Excerpts from a dataset:
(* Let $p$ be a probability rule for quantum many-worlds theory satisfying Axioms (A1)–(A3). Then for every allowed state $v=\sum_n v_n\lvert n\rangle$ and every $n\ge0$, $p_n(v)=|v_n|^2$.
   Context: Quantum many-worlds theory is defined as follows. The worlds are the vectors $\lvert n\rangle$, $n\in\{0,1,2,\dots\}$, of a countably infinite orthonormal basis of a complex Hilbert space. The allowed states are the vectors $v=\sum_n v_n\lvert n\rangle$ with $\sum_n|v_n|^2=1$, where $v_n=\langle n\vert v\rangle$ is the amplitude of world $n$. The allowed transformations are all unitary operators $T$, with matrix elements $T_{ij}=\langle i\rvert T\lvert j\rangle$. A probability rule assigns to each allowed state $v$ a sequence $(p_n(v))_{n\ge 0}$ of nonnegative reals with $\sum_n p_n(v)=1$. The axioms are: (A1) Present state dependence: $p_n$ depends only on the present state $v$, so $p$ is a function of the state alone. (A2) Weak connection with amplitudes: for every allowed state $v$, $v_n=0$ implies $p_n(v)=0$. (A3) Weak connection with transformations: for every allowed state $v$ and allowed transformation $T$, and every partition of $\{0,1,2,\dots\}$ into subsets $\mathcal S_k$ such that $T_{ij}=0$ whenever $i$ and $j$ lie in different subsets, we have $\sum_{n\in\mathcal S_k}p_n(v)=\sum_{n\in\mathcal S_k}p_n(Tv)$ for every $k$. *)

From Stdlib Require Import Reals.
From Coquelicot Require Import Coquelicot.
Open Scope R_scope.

==

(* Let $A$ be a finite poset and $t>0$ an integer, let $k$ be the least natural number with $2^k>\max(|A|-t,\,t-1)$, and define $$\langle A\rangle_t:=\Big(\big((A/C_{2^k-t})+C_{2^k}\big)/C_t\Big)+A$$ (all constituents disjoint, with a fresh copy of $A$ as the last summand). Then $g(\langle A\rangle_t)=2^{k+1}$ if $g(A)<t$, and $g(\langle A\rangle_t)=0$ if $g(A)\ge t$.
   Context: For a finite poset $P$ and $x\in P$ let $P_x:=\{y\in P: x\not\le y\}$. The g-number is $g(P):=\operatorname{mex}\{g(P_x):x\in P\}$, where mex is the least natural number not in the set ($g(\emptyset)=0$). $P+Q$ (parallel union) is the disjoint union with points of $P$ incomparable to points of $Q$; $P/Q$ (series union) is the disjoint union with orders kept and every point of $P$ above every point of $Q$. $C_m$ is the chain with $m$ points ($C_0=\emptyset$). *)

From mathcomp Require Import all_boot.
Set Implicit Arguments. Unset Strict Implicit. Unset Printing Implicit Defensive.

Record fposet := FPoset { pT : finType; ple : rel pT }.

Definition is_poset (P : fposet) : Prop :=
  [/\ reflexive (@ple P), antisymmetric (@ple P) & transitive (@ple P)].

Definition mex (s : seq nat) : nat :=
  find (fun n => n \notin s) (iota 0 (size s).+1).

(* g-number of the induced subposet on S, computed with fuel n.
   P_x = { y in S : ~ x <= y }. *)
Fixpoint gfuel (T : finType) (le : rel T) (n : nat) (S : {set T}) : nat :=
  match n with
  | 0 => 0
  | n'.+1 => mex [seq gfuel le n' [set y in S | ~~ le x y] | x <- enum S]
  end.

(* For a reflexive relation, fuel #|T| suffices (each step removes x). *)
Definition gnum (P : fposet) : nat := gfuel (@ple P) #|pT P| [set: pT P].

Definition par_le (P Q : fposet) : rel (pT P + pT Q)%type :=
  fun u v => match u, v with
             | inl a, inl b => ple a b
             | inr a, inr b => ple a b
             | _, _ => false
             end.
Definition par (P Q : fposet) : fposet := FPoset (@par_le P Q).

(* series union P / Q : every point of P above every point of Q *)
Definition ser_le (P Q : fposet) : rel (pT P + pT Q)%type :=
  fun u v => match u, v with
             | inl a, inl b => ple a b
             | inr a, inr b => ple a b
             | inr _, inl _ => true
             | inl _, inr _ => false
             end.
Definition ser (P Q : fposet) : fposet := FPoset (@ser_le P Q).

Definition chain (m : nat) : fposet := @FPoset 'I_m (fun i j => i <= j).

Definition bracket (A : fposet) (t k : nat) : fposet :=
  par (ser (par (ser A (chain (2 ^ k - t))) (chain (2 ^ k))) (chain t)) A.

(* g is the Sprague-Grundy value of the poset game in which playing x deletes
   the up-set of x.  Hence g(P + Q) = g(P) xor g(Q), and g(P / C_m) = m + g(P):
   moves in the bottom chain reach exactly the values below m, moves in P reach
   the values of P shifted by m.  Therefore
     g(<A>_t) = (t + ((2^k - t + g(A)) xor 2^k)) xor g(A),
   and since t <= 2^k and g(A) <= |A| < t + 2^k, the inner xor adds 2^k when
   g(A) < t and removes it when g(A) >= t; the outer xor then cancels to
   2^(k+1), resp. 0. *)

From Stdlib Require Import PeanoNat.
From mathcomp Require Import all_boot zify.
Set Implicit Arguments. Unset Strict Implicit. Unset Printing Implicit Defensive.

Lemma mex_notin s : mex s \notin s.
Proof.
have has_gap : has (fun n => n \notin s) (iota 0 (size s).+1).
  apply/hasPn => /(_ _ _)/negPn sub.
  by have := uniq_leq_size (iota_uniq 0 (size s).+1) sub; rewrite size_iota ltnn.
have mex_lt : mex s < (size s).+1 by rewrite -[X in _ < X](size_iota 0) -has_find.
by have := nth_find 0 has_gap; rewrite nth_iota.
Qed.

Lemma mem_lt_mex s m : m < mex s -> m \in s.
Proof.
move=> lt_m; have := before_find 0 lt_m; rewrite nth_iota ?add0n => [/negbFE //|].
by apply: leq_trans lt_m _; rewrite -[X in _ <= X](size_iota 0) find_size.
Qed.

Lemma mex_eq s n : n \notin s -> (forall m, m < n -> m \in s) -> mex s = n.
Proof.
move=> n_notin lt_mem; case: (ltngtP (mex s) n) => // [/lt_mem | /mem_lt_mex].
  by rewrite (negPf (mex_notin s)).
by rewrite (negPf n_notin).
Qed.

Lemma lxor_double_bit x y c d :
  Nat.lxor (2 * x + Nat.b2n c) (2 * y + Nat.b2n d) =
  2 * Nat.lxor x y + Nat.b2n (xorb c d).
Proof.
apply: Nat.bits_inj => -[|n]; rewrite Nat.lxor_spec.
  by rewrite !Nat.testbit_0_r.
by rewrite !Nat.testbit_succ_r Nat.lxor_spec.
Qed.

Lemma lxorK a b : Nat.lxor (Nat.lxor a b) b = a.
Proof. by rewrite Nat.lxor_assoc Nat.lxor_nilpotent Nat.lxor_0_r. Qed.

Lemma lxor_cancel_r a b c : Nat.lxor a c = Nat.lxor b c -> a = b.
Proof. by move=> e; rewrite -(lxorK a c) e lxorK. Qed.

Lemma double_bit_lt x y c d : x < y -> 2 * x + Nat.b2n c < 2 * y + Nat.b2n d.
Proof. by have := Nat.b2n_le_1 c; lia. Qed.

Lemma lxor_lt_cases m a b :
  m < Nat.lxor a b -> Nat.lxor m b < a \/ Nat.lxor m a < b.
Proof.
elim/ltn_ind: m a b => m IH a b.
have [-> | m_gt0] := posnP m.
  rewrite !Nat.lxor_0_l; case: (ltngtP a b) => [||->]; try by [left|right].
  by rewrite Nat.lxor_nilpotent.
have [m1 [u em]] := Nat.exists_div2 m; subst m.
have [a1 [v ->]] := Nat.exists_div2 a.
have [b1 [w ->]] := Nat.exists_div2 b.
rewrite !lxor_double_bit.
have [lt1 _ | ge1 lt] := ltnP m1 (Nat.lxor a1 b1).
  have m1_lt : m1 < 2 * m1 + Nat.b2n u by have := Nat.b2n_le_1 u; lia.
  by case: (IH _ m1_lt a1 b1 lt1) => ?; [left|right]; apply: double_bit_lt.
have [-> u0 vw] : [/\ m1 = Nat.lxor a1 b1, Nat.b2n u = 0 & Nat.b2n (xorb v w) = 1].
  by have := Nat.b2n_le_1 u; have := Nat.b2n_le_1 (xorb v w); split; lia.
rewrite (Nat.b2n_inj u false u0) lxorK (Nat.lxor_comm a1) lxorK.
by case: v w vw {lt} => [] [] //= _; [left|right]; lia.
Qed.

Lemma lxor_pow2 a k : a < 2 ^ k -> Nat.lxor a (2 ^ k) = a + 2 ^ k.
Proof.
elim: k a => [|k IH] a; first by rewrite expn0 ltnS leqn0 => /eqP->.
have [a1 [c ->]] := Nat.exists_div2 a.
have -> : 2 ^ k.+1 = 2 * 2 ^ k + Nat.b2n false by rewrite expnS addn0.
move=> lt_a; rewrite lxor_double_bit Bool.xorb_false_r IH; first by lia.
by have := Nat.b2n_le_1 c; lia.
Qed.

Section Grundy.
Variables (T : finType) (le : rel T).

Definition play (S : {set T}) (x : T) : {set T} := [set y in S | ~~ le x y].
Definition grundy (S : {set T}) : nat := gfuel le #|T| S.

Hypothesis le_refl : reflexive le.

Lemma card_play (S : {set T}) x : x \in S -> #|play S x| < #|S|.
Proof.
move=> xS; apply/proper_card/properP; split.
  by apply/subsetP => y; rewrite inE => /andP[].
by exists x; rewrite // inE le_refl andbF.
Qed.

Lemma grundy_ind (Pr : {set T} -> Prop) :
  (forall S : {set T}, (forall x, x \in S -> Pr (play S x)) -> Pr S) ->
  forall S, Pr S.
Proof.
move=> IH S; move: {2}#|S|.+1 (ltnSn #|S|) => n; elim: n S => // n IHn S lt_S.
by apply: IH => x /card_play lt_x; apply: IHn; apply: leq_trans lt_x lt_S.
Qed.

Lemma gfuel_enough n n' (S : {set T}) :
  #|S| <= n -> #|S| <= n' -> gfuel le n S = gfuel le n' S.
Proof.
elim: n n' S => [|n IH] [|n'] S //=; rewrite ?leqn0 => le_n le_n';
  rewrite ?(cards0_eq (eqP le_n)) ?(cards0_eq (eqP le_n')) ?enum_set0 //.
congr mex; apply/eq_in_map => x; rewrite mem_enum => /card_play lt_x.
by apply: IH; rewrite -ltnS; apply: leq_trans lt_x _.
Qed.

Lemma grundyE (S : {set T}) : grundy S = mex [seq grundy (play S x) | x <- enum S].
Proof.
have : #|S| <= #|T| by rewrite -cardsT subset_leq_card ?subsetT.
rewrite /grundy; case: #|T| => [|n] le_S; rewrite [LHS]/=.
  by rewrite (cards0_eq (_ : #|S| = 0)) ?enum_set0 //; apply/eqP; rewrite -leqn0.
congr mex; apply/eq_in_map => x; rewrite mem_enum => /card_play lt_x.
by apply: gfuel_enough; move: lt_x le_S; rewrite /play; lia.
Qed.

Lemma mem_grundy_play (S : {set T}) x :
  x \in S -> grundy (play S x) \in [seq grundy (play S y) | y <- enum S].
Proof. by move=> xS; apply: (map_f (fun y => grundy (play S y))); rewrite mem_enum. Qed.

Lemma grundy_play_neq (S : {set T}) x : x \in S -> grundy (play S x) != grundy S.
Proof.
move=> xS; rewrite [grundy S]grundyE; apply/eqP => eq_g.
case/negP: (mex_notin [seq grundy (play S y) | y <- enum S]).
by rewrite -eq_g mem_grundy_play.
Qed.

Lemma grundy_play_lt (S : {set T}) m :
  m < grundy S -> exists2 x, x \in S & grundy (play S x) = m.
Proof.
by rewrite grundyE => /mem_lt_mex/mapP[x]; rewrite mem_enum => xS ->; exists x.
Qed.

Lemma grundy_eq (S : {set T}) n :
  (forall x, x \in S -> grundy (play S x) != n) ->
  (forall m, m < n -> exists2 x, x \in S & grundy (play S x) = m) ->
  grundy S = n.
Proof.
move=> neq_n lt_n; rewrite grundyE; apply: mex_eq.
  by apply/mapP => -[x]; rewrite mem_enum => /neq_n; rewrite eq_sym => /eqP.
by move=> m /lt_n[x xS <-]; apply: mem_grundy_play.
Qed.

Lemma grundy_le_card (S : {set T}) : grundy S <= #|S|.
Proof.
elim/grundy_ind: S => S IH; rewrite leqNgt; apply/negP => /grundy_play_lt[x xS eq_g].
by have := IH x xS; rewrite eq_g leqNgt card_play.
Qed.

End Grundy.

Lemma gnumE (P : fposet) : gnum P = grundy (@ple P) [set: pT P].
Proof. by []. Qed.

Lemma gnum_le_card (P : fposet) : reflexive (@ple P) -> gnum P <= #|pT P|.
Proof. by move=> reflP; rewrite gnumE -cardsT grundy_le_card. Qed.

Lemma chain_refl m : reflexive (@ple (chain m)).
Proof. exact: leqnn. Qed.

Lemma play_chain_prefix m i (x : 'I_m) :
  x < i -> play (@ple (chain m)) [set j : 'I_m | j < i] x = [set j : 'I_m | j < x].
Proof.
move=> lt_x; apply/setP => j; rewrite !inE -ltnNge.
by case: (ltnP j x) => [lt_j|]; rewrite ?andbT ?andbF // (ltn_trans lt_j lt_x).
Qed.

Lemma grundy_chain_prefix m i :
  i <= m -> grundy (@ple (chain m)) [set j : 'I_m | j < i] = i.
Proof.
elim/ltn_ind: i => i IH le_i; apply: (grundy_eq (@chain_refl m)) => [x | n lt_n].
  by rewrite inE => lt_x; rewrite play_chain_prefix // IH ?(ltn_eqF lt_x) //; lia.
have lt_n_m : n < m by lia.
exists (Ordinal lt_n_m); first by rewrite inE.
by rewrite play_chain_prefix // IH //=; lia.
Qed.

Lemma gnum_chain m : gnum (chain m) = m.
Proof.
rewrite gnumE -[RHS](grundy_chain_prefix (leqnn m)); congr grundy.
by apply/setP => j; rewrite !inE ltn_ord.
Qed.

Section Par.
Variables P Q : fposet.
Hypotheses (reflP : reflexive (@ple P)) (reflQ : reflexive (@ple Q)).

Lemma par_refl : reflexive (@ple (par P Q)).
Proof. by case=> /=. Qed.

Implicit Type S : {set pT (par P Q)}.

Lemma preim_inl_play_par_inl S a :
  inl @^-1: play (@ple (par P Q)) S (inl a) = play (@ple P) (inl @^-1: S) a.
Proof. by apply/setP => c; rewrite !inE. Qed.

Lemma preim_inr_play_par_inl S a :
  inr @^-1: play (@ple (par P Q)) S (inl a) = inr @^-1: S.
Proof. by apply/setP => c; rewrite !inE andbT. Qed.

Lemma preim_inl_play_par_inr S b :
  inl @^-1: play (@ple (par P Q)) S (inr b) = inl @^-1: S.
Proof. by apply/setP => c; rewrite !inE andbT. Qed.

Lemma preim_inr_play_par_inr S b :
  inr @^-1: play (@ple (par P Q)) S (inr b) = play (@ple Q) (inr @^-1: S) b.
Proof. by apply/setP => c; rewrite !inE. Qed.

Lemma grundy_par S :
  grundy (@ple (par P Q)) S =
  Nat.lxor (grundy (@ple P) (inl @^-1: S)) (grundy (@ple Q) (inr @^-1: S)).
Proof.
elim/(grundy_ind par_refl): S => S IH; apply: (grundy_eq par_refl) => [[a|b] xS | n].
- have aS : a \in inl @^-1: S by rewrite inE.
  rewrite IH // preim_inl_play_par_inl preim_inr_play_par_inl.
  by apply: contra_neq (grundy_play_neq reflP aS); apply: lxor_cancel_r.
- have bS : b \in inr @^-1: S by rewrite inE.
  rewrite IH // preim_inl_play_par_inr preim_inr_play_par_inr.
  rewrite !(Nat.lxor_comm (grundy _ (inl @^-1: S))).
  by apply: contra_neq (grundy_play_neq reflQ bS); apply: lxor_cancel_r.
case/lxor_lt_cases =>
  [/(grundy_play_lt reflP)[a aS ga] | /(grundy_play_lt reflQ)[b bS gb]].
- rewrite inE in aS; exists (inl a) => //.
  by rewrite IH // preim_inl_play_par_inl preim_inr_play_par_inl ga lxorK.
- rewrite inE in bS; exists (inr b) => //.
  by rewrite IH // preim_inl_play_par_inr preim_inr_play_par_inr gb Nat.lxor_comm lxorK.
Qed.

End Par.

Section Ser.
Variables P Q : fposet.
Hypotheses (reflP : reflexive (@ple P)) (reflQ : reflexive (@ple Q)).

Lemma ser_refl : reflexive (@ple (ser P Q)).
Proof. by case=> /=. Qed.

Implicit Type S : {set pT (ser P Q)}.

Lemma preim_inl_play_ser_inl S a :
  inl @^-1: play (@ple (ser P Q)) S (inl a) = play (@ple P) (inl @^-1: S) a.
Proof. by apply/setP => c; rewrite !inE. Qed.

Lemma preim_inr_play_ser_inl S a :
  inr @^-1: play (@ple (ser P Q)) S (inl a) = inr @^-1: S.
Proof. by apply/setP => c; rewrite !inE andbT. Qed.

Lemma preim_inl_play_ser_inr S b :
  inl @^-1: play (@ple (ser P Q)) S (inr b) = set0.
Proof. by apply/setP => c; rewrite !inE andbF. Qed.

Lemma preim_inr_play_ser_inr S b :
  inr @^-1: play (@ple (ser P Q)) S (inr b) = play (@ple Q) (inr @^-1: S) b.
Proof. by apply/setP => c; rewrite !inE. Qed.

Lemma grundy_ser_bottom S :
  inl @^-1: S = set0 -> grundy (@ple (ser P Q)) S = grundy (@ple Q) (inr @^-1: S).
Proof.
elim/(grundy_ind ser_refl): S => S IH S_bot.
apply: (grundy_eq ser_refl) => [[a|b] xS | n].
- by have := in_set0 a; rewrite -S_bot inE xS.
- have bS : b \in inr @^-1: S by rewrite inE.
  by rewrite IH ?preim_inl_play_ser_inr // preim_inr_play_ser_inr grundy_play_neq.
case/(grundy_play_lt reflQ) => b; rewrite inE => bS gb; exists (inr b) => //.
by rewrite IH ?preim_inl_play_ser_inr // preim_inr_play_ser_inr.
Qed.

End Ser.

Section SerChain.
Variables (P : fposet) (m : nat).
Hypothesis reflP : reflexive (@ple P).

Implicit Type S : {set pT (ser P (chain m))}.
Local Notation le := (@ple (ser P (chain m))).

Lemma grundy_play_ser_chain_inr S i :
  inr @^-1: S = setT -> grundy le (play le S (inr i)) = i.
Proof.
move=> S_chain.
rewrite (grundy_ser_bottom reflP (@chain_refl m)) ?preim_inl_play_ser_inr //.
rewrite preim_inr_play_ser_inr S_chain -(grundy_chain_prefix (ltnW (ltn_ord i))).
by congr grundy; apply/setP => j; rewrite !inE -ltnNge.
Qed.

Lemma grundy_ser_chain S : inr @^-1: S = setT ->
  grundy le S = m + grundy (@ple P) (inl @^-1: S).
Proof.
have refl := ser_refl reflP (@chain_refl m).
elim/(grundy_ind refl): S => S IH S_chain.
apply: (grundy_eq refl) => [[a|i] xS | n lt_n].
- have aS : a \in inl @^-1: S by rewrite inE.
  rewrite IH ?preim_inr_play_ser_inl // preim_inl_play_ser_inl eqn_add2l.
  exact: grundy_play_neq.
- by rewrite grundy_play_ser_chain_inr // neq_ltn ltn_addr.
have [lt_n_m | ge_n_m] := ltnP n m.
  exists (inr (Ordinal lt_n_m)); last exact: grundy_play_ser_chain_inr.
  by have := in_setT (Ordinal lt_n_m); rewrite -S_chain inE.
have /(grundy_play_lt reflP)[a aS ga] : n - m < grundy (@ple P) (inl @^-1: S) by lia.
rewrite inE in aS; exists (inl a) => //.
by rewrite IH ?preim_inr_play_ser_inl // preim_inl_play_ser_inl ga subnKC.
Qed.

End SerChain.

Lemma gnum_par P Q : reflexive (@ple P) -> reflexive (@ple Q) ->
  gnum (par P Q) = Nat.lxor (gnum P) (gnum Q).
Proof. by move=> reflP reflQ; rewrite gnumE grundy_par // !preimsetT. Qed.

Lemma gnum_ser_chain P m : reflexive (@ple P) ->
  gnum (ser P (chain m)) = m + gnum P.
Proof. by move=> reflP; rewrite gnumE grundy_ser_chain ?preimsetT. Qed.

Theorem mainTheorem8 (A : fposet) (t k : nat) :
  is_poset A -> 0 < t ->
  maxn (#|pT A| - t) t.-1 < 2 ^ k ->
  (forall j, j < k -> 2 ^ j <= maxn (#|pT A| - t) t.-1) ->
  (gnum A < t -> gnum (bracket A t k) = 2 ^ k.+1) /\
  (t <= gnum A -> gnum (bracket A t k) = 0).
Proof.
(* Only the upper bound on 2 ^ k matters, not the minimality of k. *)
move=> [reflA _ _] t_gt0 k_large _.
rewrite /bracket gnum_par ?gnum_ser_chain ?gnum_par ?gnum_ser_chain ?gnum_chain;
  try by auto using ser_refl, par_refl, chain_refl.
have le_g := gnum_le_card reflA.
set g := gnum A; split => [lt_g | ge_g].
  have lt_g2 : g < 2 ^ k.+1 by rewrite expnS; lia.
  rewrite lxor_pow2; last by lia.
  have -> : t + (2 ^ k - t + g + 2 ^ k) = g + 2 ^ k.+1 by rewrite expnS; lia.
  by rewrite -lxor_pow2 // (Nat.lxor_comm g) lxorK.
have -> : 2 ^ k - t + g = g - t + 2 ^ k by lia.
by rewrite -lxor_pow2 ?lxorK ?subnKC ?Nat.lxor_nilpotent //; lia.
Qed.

WORK ORDER | In the data above, find the line with "Lemma grundy_ind (Pr" and the line with "move=> xS; rewrite". Retype both, plus every line between them, exactly.

ANSWER BOX |
Lemma grundy_ind (Pr : {set T} -> Prop) :
  (forall S : {set T}, (forall x, x \in S -> Pr (play S x)) -> Pr S) ->
  forall S, Pr S.
Proof.
move=> IH S; move: {2}#|S|.+1 (ltnSn #|S|) => n; elim: n S => // n IHn S lt_S.
by apply: IH => x /card_play lt_x; apply: IHn; apply: leq_trans lt_x lt_S.
Qed.

Lemma gfuel_enough n n' (S : {set T}) :
  #|S| <= n -> #|S| <= n' -> gfuel le n S = gfuel le n' S.
Proof.
elim: n n' S => [|n IH] [|n'] S //=; rewrite ?leqn0 => le_n le_n';
  rewrite ?(cards0_eq (eqP le_n)) ?(cards0_eq (eqP le_n')) ?enum_set0 //.
congr mex; apply/eq_in_map => x; rewrite mem_enum => /card_play lt_x.
by apply: IH; rewrite -ltnS; apply: leq_trans lt_x _.
Qed.

Lemma grundyE (S : {set T}) : grundy S = mex [seq grundy (play S x) | x <- enum S].
Proof.
have : #|S| <= #|T| by rewrite -cardsT subset_leq_card ?subsetT.
rewrite /grundy; case: #|T| => [|n] le_S; rewrite [LHS]/=.
  by rewrite (cards0_eq (_ : #|S| = 0)) ?enum_set0 //; apply/eqP; rewrite -leqn0.
congr mex; apply/eq_in_map => x; rewrite mem_enum => /card_play lt_x.
by apply: gfuel_enough; move: lt_x le_S; rewrite /play; lia.
Qed.

Lemma mem_grundy_play (S : {set T}) x :
  x \in S -> grundy (play S x) \in [seq grundy (play S y) | y <- enum S].
Proof. by move=> xS; apply: (map_f (fun y => grundy (play S y))); rewrite mem_enum. Qed.

Lemma grundy_play_neq (S : {set T}) x : x \in S -> grundy (play S x) != grundy S.
Proof.
move=> xS; rewrite [grundy S]grundyE; apply/eqP => eq_g.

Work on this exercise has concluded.